Der zweite zu erwähnende Aspekt betrifft die „Würde“ des Menschen, ein Begriff, der
wieder weitere Ueberlegungen erforderte. Er will zum Ausdruck bringen, dass da ein
„Etwas“ den Menschen auszeichnet, das mehr ist als das, was wir erkennen, das es
zu „achten und zu schützen“ gilt (wie es in unserer Bundesverfassung heisst). Im
Umgang mit Menschen, die von Randständigkeit bedroht und in ihrer
Lebensgestaltung auf Hilfe angewiesen sind, bin ich in der Position der
mitmenschlichen Zuwendung und ordne dem Anderen Aspekte der Würde zu.
Konkret: Meine Verantwortung als Heilpädagoge liegt darin, dass ich es bin, der dem
Kind mit Behinderung (selbst an der Grenze) diese Würde zuordnet. Dabei lasse ich
mich im Alltag von der Frage leiten: Wo erfahre ich im Umgang mit dem Kind
Momente, in denen ich dieses genannte „Etwas“ wahrnehme?
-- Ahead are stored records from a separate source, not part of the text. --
(* Let $\lambda,\lambda'\in\mathbb{C}^*$, $\alpha,\alpha'\in\mathbb{C}$, $t,t'\in\{1,-1\}$. If $\alpha\neq\alpha'$ or $t\neq t'$, then $\mathcal{M}_t(\lambda,\alpha)\not\cong\mathcal{M}_{t'}(\lambda',\alpha')$ as $\mathcal{T}$-modules.
   Context: The twisted $N=2$ superconformal algebra $\mathcal{T}$ is the Lie superalgebra over $\mathbb{C}$ with basis $\{L_m, I_r, G_p\mid m\in\mathbb{Z}, r\in\frac12+\mathbb{Z}, p\in\frac12\mathbb{Z}\}$, even part spanned by the $L_m,I_r$, odd part by the $G_p$, only nonzero brackets $[L_m,L_n]=(m-n)L_{m+n}$, $[L_m,I_r]=-rI_{m+r}$, $[L_m,G_p]=(\frac m2-p)G_{m+p}$, $[I_r,G_p]=G_{r+p}$, $[G_p,G_q]=(-1)^{2p}2L_{p+q}$ if $p+q\in\mathbb{Z}$, $[G_p,G_q]=(-1)^{2p+1}(p-q)I_{p+q}$ if $p+q\in\frac12+\mathbb{Z}$. For $p\in\frac12\mathbb{Z}$, $\lambda^p$ means $(\lambda^{1/2})^{2p}$ for a fixed square root. For $\lambda\in\mathbb{C}^*,\alpha\in\mathbb{C},t=\pm1$, $\mathcal{M}_t(\lambda,\alpha)$ is the $\mathbb{Z}_2$-graded space $\mathbb{C}[\partial^2]\oplus\partial\mathbb{C}[\partial^2]$ ($\partial$ a formal variable; even part $\mathbb{C}[\partial^2]$, odd part $\partial\mathbb{C}[\partial^2]$) with action ($m\in\mathbb{Z}$, $r\in\frac12+\mathbb{Z}$, $p\in\frac12\mathbb{Z}$): $L_mf(\partial^2)=\lambda^m(\partial^2+m\alpha)f(\partial^2+m)$, $L_m\partial f(\partial^2)=\lambda^m(\partial^2+m(\alpha+\frac12))\partial f(\partial^2+m)$, $I_rf(\partial^2)=-2t^{2r}\lambda^{r}\alpha f(\partial^2+r)$, $I_r\partial f(\partial^2)=t^{2r}\lambda^{r}(1-2\alpha)\partial f(\partial^2+r)$, $G_pf(\partial^2)=t^{2p}\lambda^p\partial f(\partial^2+p)$, $G_p\partial f(\partial^2)=(-t)^{2p}\lambda^p(\partial^2+2p\alpha)f(\partial^2+p)$. *)

From HB Require Import structures.
From mathcomp Require Import all_boot all_order all_algebra.
From mathcomp Require Import complex.
From mathcomp Require Import reals.
Set Implicit Arguments. Unset Strict Implicit. Unset Printing Implicit Defensive.
Import Order.TTheory GRing.Theory Num.Theory.
Local Open Scope ring_scope.

(* Basis of the twisted N=2 superconformal algebra T, with doubled indices:
   TL m      = L_m            (m in Z)
   TI n      = I_(n + 1/2)    (n in Z, so r = n + 1/2 ranges over 1/2 + Z)
   TG k      = G_(k/2)        (k in Z, so p = k/2 ranges over (1/2)Z)     *)
Variant Tbasis := TL of int | TI of int | TG of int.

Section Module.
Variable C : fieldType.

(* Elements of M_t(lam,alpha) = C[d^2] (+) d C[d^2]: the pair (f, g) stands
   for f(d^2) + d g(d^2); f is the even part, g the odd part. *)
Definition Mspace := ({poly C} * {poly C})%type.

Definition pshift (c : C) (f : {poly C}) : {poly C} := f \Po ('X + c%:P).

Definition half : C := 2%:R^-1.

(* The action of the basis element on M_t(lam, alpha), where mu = lam^(1/2)
   is the fixed square root, so lam^p = mu^(2p) (integer power). *)
Definition Mact (mu alpha t : C) (b : Tbasis) (v : Mspace) : Mspace :=
  let f := v.1 in let g := v.2 in
  match b with
  | TL m =>
      (mu ^ (2 * m) *: (('X + (m%:~R * alpha)%:P) * pshift m%:~R f),
       mu ^ (2 * m) *: (('X + (m%:~R * (alpha + half))%:P) * pshift m%:~R g))
  | TI n =>
      let r := n%:~R + half in
      let c := t ^ (2 * n + 1) * mu ^ (2 * n + 1) in
      ((- 2%:R * c * alpha) *: pshift r f,
       (c * (1 - 2%:R * alpha)) *: pshift r g)
  | TG k =>
      let p := k%:~R * half in
      (((- t) ^ k * mu ^ k) *: (('X + (k%:~R * alpha)%:P) * pshift p g),
       (t ^ k * mu ^ k) *: pshift p f)
  end.

(* Isomorphism of T-modules: an even (parity-preserving) linear bijection
   commuting with the action of every basis element (hence of all of T). *)
Definition lin_poly (h : {poly C} -> {poly C}) : Prop :=
  forall (a : C) (u v : {poly C}), h (a *: u + v) = a *: h u + h v.

Definition T_isomorphic (A B : Tbasis -> Mspace -> Mspace) : Prop :=
  exists (h0 h1 : {poly C} -> {poly C}),
    [/\ lin_poly h0, lin_poly h1, bijective h0, bijective h1 &
        forall (b : Tbasis) (v : Mspace),
          (h0 (A b v).1, h1 (A b v).2) = B b (h0 v.1, h1 v.2)].
End Module.

From HB Require Import structures.
From mathcomp Require Import all_boot all_order all_algebra.
From mathcomp Require Import complex.
From mathcomp Require Import reals.
From mathcomp Require Import ring.
Import Order.TTheory GRing.Theory Num.Theory.
Local Open Scope ring_scope.

(* An even isomorphism commutes with L_0, which multiplies both parities by
   d^2; a bijective linear endomorphism of C[x] commuting with multiplication
   by x is a nonzero scalar.  Once the isomorphism is a pair of scalars,
   comparing L_1 and I_(1/2) on constants reads off lam, lam alpha and
   t lam^(1/2), so these determine the module. *)

Section MactInvariants.
Variable C : fieldType.
Implicit Types (mu alpha t a : C) (f g : {poly C}).

Lemma pshiftC (r a : C) : pshift r a%:P = a%:P.
Proof. exact: comp_polyC. Qed.

Lemma Mact_TL0 mu alpha t (v : Mspace C) :
  Mact mu alpha t (TL 0) v = ('X * v.1, 'X * v.2).
Proof.
by rewrite /Mact /pshift /= mulr0 expr0z !scale1r mulr0z !mul0r !addr0 !comp_polyXr.
Qed.

Lemma Mact_TL1_even_const mu alpha t a g :
  (Mact mu alpha t (TL 1) (a%:P, g)).1 = (mu ^+ 2 * a) *: ('X + alpha%:P).
Proof. by rewrite /Mact /= pshiftC mulr1 mul1r mulrC mul_polyC scalerA. Qed.

Lemma Mact_TI0_even_const mu alpha t a g :
  (Mact mu alpha t (TI 0) (a%:P, g)).1 = (- 2%:R * (t * mu) * alpha * a)%:P.
Proof. by rewrite /Mact /= pshiftC mulr0 add0r !expr1z -mul_polyC -polyCM. Qed.

Lemma Mact_TI0_odd_const mu alpha t f a :
  (Mact mu alpha t (TI 0) (f, a%:P)).2 = (t * mu * (1 - 2%:R * alpha) * a)%:P.
Proof. by rewrite /Mact /= pshiftC mulr0 add0r !expr1z -mul_polyC -polyCM. Qed.

Lemma lin_poly0 (h : {poly C} -> {poly C}) : lin_poly h -> h 0 = 0.
Proof.
move=> hlin; have := hlin 1 0 0; rewrite !scale1r addr0 -{1}[h 0]addr0.
by move/addrI.
Qed.

Section CommutingWithX.
Variable h : {poly C} -> {poly C}.
Hypothesis hlin : lin_poly h.
Hypothesis h_commX : forall f, h ('X * f) = 'X * h f.

Lemma commX_mulE f : h f = f * h 1.
Proof.
elim/poly_ind: f => [|f a IHf]; first by rewrite lin_poly0 // mul0r.
have hC : h a%:P = a%:P * h 1.
  by rewrite mul_polyC -alg_polyC -[a%:A]addr0 hlin lin_poly0 // addr0.
rewrite -{1}[f * 'X]scale1r hlin scale1r (mulrC f 'X) h_commX hC IHf.
by rewrite mulrDl mulrA.
Qed.

Lemma commX_bij_scale : bijective h -> exists2 a, a != 0 & forall f, h f = a *: f.
Proof.
case=> g _ hK.
have : h 1 \is a GRing.unit.
  by apply/unitrPr; exists (g 1); rewrite mulrC -commX_mulE hK.
rewrite poly_unitE unitfE => /andP[/eqP size_h1 h1_neq0].
have /size1_polyC h1E : (size (h 1) <= 1)%N by rewrite size_h1.
exists (h 1)`_0 => // f.
by rewrite commX_mulE {1}h1E mulrC mul_polyC.
Qed.
End CommutingWithX.

Lemma Mact_iso_scale mu alpha t mu' alpha' t' :
  T_isomorphic (Mact mu alpha t) (Mact mu' alpha' t') ->
  exists a0 a1 : C, [/\ a0 != 0, a1 != 0 &
    forall b f g,
      a0 *: (Mact mu alpha t b (f, g)).1 = (Mact mu' alpha' t' b (a0 *: f, a1 *: g)).1 /\
      a1 *: (Mact mu alpha t b (f, g)).2 = (Mact mu' alpha' t' b (a0 *: f, a1 *: g)).2].
Proof.
case=> h0 [h1 [h0_lin h1_lin h0_bij h1_bij h_comm]].
have h_commX f : h0 ('X * f) = 'X * h0 f /\ h1 ('X * f) = 'X * h1 f.
  by have := h_comm (TL 0) (f, f); rewrite !Mact_TL0 => -[-> ->].
have [a0 a0_neq0 h0E] := @commX_bij_scale h0 h0_lin (fun f => (h_commX f).1) h0_bij.
have [a1 a1_neq0 h1E] := @commX_bij_scale h1 h1_lin (fun f => (h_commX f).2) h1_bij.
exists a0, a1; split=> // b f g; rewrite -!h0E -!h1E.
by split; [apply: (congr1 fst (h_comm b (f, g))) | apply: (congr1 snd (h_comm b (f, g)))].
Qed.

Lemma scale_XaddC_inj (c c' a a' : C) :
  c *: ('X + a%:P) = c' *: ('X + a'%:P) -> c = c' /\ c * a = c' * a'.
Proof.
move=> E; split; [move: (congr1 (coefp 1) E) | move: (congr1 (coefp 0) E)];
  by rewrite /= !coefZ !coefD !coefX !coefC /= ?addr0 ?add0r ?mulr1 ?mulr0.
Qed.

Lemma Mact_iso_params mu alpha t mu' alpha' t' :
  T_isomorphic (Mact mu alpha t) (Mact mu' alpha' t') ->
  [/\ mu ^+ 2 = mu' ^+ 2, mu ^+ 2 * alpha = mu' ^+ 2 * alpha' & t * mu = t' * mu'].
Proof.
move=> /Mact_iso_scale[a0 [a1 [a0_neq0 a1_neq0 h_comm]]].
have [L1_X L1_const] :
    a0 * mu ^+ 2 = mu' ^+ 2 * a0 /\ a0 * mu ^+ 2 * alpha = mu' ^+ 2 * a0 * alpha'.
  have := (h_comm (TL 1) 1%:P 0).1.
  rewrite Mact_TL1_even_const scale_polyC Mact_TL1_even_const scalerA !mulr1.
  exact: scale_XaddC_inj.
have I_even : - 2%:R * (t * mu) * alpha = - 2%:R * (t' * mu') * alpha'.
  apply: (mulfI a0_neq0); rewrite [RHS]mulrC.
  have := (h_comm (TI 0) 1%:P 0).1.
  rewrite Mact_TI0_even_const !scale_polyC Mact_TI0_even_const !mulr1.
  exact: polyC_inj.
have I_odd : t * mu * (1 - 2%:R * alpha) = t' * mu' * (1 - 2%:R * alpha').
  apply: (mulfI a1_neq0); rewrite [RHS]mulrC.
  have := (h_comm (TI 0) 0 1%:P).2.
  rewrite Mact_TI0_odd_const !scale_polyC Mact_TI0_odd_const !mulr1.
  exact: polyC_inj.
split; first by apply: (mulfI a0_neq0); ring: L1_X.
  by apply: (mulfI a0_neq0); ring: L1_const.
(* Odd minus even relation isolates t mu without dividing by 2, so no
   assumption on the characteristic is needed. *)
apply/eqP; rewrite -subr_eq0.
have -> : t * mu - t' * mu' = t * mu * (1 - 2%:R * alpha) - t' * mu' * (1 - 2%:R * alpha')
    - (- 2%:R * (t * mu) * alpha - - 2%:R * (t' * mu') * alpha') by ring.
by rewrite I_even I_odd !subrr.
Qed.
End MactInvariants.

Theorem corollary6p6 (R : realType) (sq : R[i] -> R[i])
  (hsq : forall z : R[i], sq z ^+ 2 = z)
  (lam lam' alpha alpha' t t' : R[i]) :
  lam != 0 -> lam' != 0 ->
  (t = 1 \/ t = -1) -> (t' = 1 \/ t' = -1) ->
  (alpha <> alpha' \/ t <> t') ->
  ~ T_isomorphic (Mact (sq lam) alpha t) (Mact (sq lam') alpha' t').
Proof.
move=> lam_neq0 _ _ _ params_neq /Mact_iso_params[mu2E mu2_alphaE t_muE].
have lamE : lam = lam' by rewrite -(hsq lam) mu2E hsq.
have mu_neq0 : sq lam != 0.
  by apply: contra lam_neq0 => /eqP mu0; rewrite -(hsq lam) mu0 expr2 mul0r.
rewrite -lamE in mu2_alphaE t_muE.
case: params_neq; apply.
  exact: mulfI (expf_neq0 2 mu_neq0) _ _ mu2_alphaE.
exact: mulIf mu_neq0 _ _ t_muE.
Qed.
Lemma qweight_norm_pos (a : R) (c : nat -> R) (n : nat) : r < 1 -> 0 < a -> c n <> 0 ->
  exists S, 0 < S /\
    is_series (fun j => qweight q r g j * (peval c n (q ^ j * a) * peval c n (q ^ j * a))) S.
Proof.
  intros hr1 ha hc.
  set (y := peval c n).
  set (u := fun j => qweight q r g j * (y (q ^ j * a) * y (q ^ j * a))).
  destruct (qpoch_inf_spec g q hg hq) as [_ hD].
  destruct (continuity_ab_maj (fun x => y x * y x) 0 a ltac:(lra)) as [xM [hM _]].
  { intros x _. apply continuity_pt_mult; apply continuity_pt_peval. }
  set (M := y xM * y xM) in *.
  assert (hu : forall j, 0 <= u j <= M / qpoch_inf g q * r ^ j).
  { intros j.
    assert (0 < q ^ j <= 1) by (split; [apply pow_lt | apply pow_le_one]; lra).
    specialize (hM (q ^ j * a) ltac:(split; nra)). simpl in hM.
    pose proof (qweight_pos j). pose proof (qweight_le j).
    assert (0 <= y (q ^ j * a) * y (q ^ j * a)) by apply Rle_0_sqr.
    assert (0 < r ^ j / qpoch_inf g q) by (apply Rdiv_lt_0_compat; [apply pow_lt |]; lra).
    unfold u. split; [nra|].
    replace (M / qpoch_inf g q * r ^ j) with (r ^ j / qpoch_inf g q * M) by (field; lra).
    apply Rmult_le_compat; lra. }
  assert (hex : ex_series u).
  { apply (ex_series_le u (fun j => M / qpoch_inf g q * r ^ j)).
    - intros j. change norm with Rabs. rewrite Rabs_pos_eq; apply hu.
    - apply (ex_series_scal_l (V := R_NormedModule)). exists (/ (1 - r)).
      apply is_series_geom. rewrite Rabs_pos_eq; lra. }
  exists (Series u). split; [|apply Series_correct, hex].
  destruct (not_all_ex_not _ (fun j => y (q ^ j * a) = 0)) as [j hj].
  { intros hall. apply hc. exact (peval_geom_zero q a n c hq ha hall n (le_n n)). }
  assert (0 < u j).
  { unfold u. apply Rmult_lt_0_compat; [apply qweight_pos | apply Rsqr_pos_lt, hj]. }
  assert (u j <= sum_f_R0 u j).
  { destruct j as [|j]; simpl; [lra|].
    assert (0 <= sum_f_R0 u j) by (apply cond_pos_sum; intros; apply hu). lra. }
  assert (sum_f_R0 u j <= Series u).
  { apply sum_incr; [apply is_series_Reals, Series_correct, hex | intros; apply hu]. }
  lra.
Qed.

End Weight.

(** * The q-EHT operator and its polynomial eigenfunctions *)

Definition qEHT_op (q : R) (sigma tau y : R -> R) (x : R) : R :=
  sigma x * (((y x - y (q * x)) / ((1 - q) * x) - (y (/ q * x) - y x) / ((1 - q) * (/ q * x)))
             / ((1 - / q) * x))
  + tau x * ((y x - y (q * x)) / ((1 - q) * x)).

Lemma one_sub_inv_neq_0 (q : R) : 0 < q < 1 -> 1 - / q <> 0.
Proof.
  intros hq e. assert (/ q = 1) by lra.
  assert (q = 1) by (rewrite <- (Rinv_inv q); rewrite H; apply Rinv_1). lra.
Qed.

Lemma qEHT_nonzero (q : R) (sigma tau y : R -> R) (lam x : R) : q <> 0 -> x <> 0 ->
  qEHT q sigma tau lam y x <-> qEHT_op q sigma tau y x + lam * y x = 0.
Proof.
  intros hq hx. unfold qEHT, qEHT_op, Dz.
  destruct (Req_EM_T x 0) as [e | _]; [contradiction|].
  destruct (Req_EM_T (/ q * x) 0) as [e | _].
  { apply Rmult_integral in e. destruct e as [e | e]; [|contradiction].
    destruct (Rinv_neq_0_compat q hq e). }
  replace (q * (/ q * x)) with x by (field; exact hq).
  reflexivity.
Qed.

Lemma qEHT_op_add_scal (q : R) (sigma tau f g : R -> R) (k x : R) :
  qEHT_op q sigma tau (fun t => f t + k * g t) x
  = qEHT_op q sigma tau f x + k * qEHT_op q sigma tau g x.
Proof. unfold qEHT_op, Rdiv. ring. Qed.

Lemma qEHT_op_scal (q : R) (sigma tau g : R -> R) (k x : R) :
  qEHT_op q sigma tau (fun t => k * g t) x = k * qEHT_op q sigma tau g x.
Proof. unfold qEHT_op, Rdiv. ring. Qed.

Definition mu_n (q s1 t0 a1 : R) (k : nat) : R :=
  qnum q k * (t0 - s1 * a1 / 2 * qnum (/ q) (k - 1)).

Section Monomials.
Variables (q s1 t1 t0 a1 : R).
Hypothesis hq : 0 < q < 1.

Local Notation sigma1 := (fun x => s1 / 2 * x * (x - a1)).
Local Notation tau := (fun x => t1 * x + t0).

Lemma qEHT_op_pow (k : nat) (x : R) : x <> 0 ->
  qEHT_op q sigma1 tau (fun t => t ^ k) x
  = - lambda_n q t1 s1 k * x ^ k + mu_n q s1 t0 a1 k * x ^ (k - 1).
Proof.
  intros hx. pose proof (one_sub_inv_neq_0 q hq).
  unfold qEHT_op, lambda_n, mu_n, qnum.
  destruct k as [|j]; [simpl; field; repeat split; try assumption; lra|].
  rewrite !Rpow_mult_distr, !pow_inv.
  replace (S j - 1)%nat with j by lia.
  assert (q ^ j <> 0) by (apply pow_nonzero; lra).
  assert (x ^ j <> 0) by (apply pow_nonzero; exact hx).
  simpl. field. repeat split; try assumption; lra.
Qed.

Lemma qEHT_op_peval (c : nat -> R) (lam x : R) (n : nat) : x <> 0 ->
  (forall k, (lam - lambda_n q t1 s1 k) * c k + mu_n q s1 t0 a1 (S k) * c (S k) = 0) ->
  qEHT_op q sigma1 tau (peval c n) x + lam * peval c n x
  = - mu_n q s1 t0 a1 (S n) * c (S n) * x ^ n.
Proof.
  intros hx hrec. induction n as [|n IH].
  - change (peval c 0) with (fun t => c 0%nat * t ^ 0).
    rewrite qEHT_op_scal, qEHT_op_pow by exact hx.
    replace (mu_n q s1 t0 a1 0) with 0 by (unfold mu_n, qnum, Rdiv; simpl; ring).
    pose proof (hrec 0%nat). simpl. lra.
  - change (peval c (S n)) with (fun t => peval c n t + c (S n) * t ^ S n).
    rewrite qEHT_op_add_scal, qEHT_op_pow by exact hx.
    replace (S n - 1)%nat with n by lia.
    pose proof (hrec (S n)) as hS.
    transitivity (qEHT_op q sigma1 tau (peval c n) x + lam * peval c n x
      + c (S n) * (mu_n q s1 t0 a1 (S n) * x ^ n)
      + x ^ S n * ((lam - lambda_n q t1 s1 (S n)) * c (S n))); [ring|].
    rewrite IH. replace ((lam - lambda_n q t1 s1 (S n)) * c (S n))
      with (- (mu_n q s1 t0 a1 (S (S n)) * c (S (S n)))) by lra.
    ring.
Qed.

End Monomials.

(* [1 + (1 - 1/q) t1 / (s1/2)] is q^2 Λ_q. *)
Lemma lambda_n_factor (q s1 t1 : R) (k : nat) : 0 < q < 1 -> s1 <> 0 ->
  lambda_n q t1 s1 k * (2 * (1 - q) ^ 2 * q ^ k)
  = (1 - q ^ k) * s1 * q * ((1 + (1 - / q) * t1 / (s1 / 2)) * q ^ k - q).
Proof.
  intros hq hs1. pose proof (one_sub_inv_neq_0 q hq).
  unfold lambda_n, qnum.
  destruct k as [|j]; [simpl; field; repeat split; try assumption; lra|].
  replace (S j - 1)%nat with j by lia. rewrite pow_inv.
  assert (q ^ j <> 0) by (apply pow_nonzero; lra).
  simpl. field. repeat split; try assumption; lra.
Qed.

Lemma lambda_n_neq (q s1 t1 : R) (k n : nat) : 0 < q < 1 -> s1 <> 0 ->
  0 < 1 + (1 - / q) * t1 / (s1 / 2) < 1 -> (k < n)%nat ->
  lambda_n q t1 s1 n <> lambda_n q t1 s1 k.
Proof.
  intros hq hs1 hL hkn E.
  pose proof (lambda_n_factor q s1 t1 n hq hs1) as Fn.
  pose proof (lambda_n_factor q s1 t1 k hq hs1) as Fk.
  set (L := 1 + (1 - / q) * t1 / (s1 / 2)) in *.
  set (Qn := q ^ n) in *. set (Qk := q ^ k) in *.
  assert (Qn < Qk) by (apply pow_lt_pow_of_lt; assumption).
  assert (0 < Qn) by (apply pow_lt; lra).
  assert (Qk <= 1) by (apply pow_le_one; lra).
  assert (Qn <= q).
  { unfold Qn. destruct n as [|n]; [lia|]. simpl.
    assert (q ^ n <= 1) by (apply pow_le_one; lra). nra. }
  (* Cross-multiplying the two factorisations leaves (Qk - Qn) (L Qn Qk - q) = 0. *)
  assert (key : s1 * q * (Qk - Qn) * (L * Qn * Qk - q) = 0).
  { transitivity (Qk * (lambda_n q t1 s1 n * (2 * (1 - q) ^ 2 * Qn))
                  - Qn * (lambda_n q t1 s1 k * (2 * (1 - q) ^ 2 * Qk))).
    - rewrite Fn, Fk. ring.
    - rewrite E. ring. }
  assert (L * Qn * Qk < q) by (assert (Qn * Qk <= q) by nra; nra).
  repeat (apply Rmult_integral in key; destruct key as [key | key]); lra.
Qed.

(* Downward recursion from the leading coefficient 1: entry i is the coefficient of x^(n-i). *)
Fixpoint coef_from_top (lam mu : nat -> R) (n i : nat) : R :=
  match i with
  | O => 1
  | S i' => - mu (S (n - S i')) * coef_from_top lam mu n i' / (lam n - lam (n - S i')%nat)
  end.

Definition eigen_coef (lam mu : nat -> R) (n k : nat) : R :=
  if (k <=? n)%nat then coef_from_top lam mu n (n - k) else 0.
Es sind wohl jene, von
denen ich auch sagen kann,, sie machten seine und meine Lebensqualität spürbar
und erfahrbar, für die zu erfahren sich zu leben lohnt.
Und so kehre ich zu meiner Ausgangsfrage zurück: „Was steckt hinter dem Begriff
Heilpädagogik?“. Darauf kann ich jetzt antworten: Das, was ich an Bedeutung
aufgrund alltäglicher Erfahrungen in den begriff hineinlege. Welchen Begriff ich für
diese Erfahrungen schliesslich wähle, ist zweitrangig. Was ich aber hineinlege, dafür
habe ich die Verantwortung zu tragen.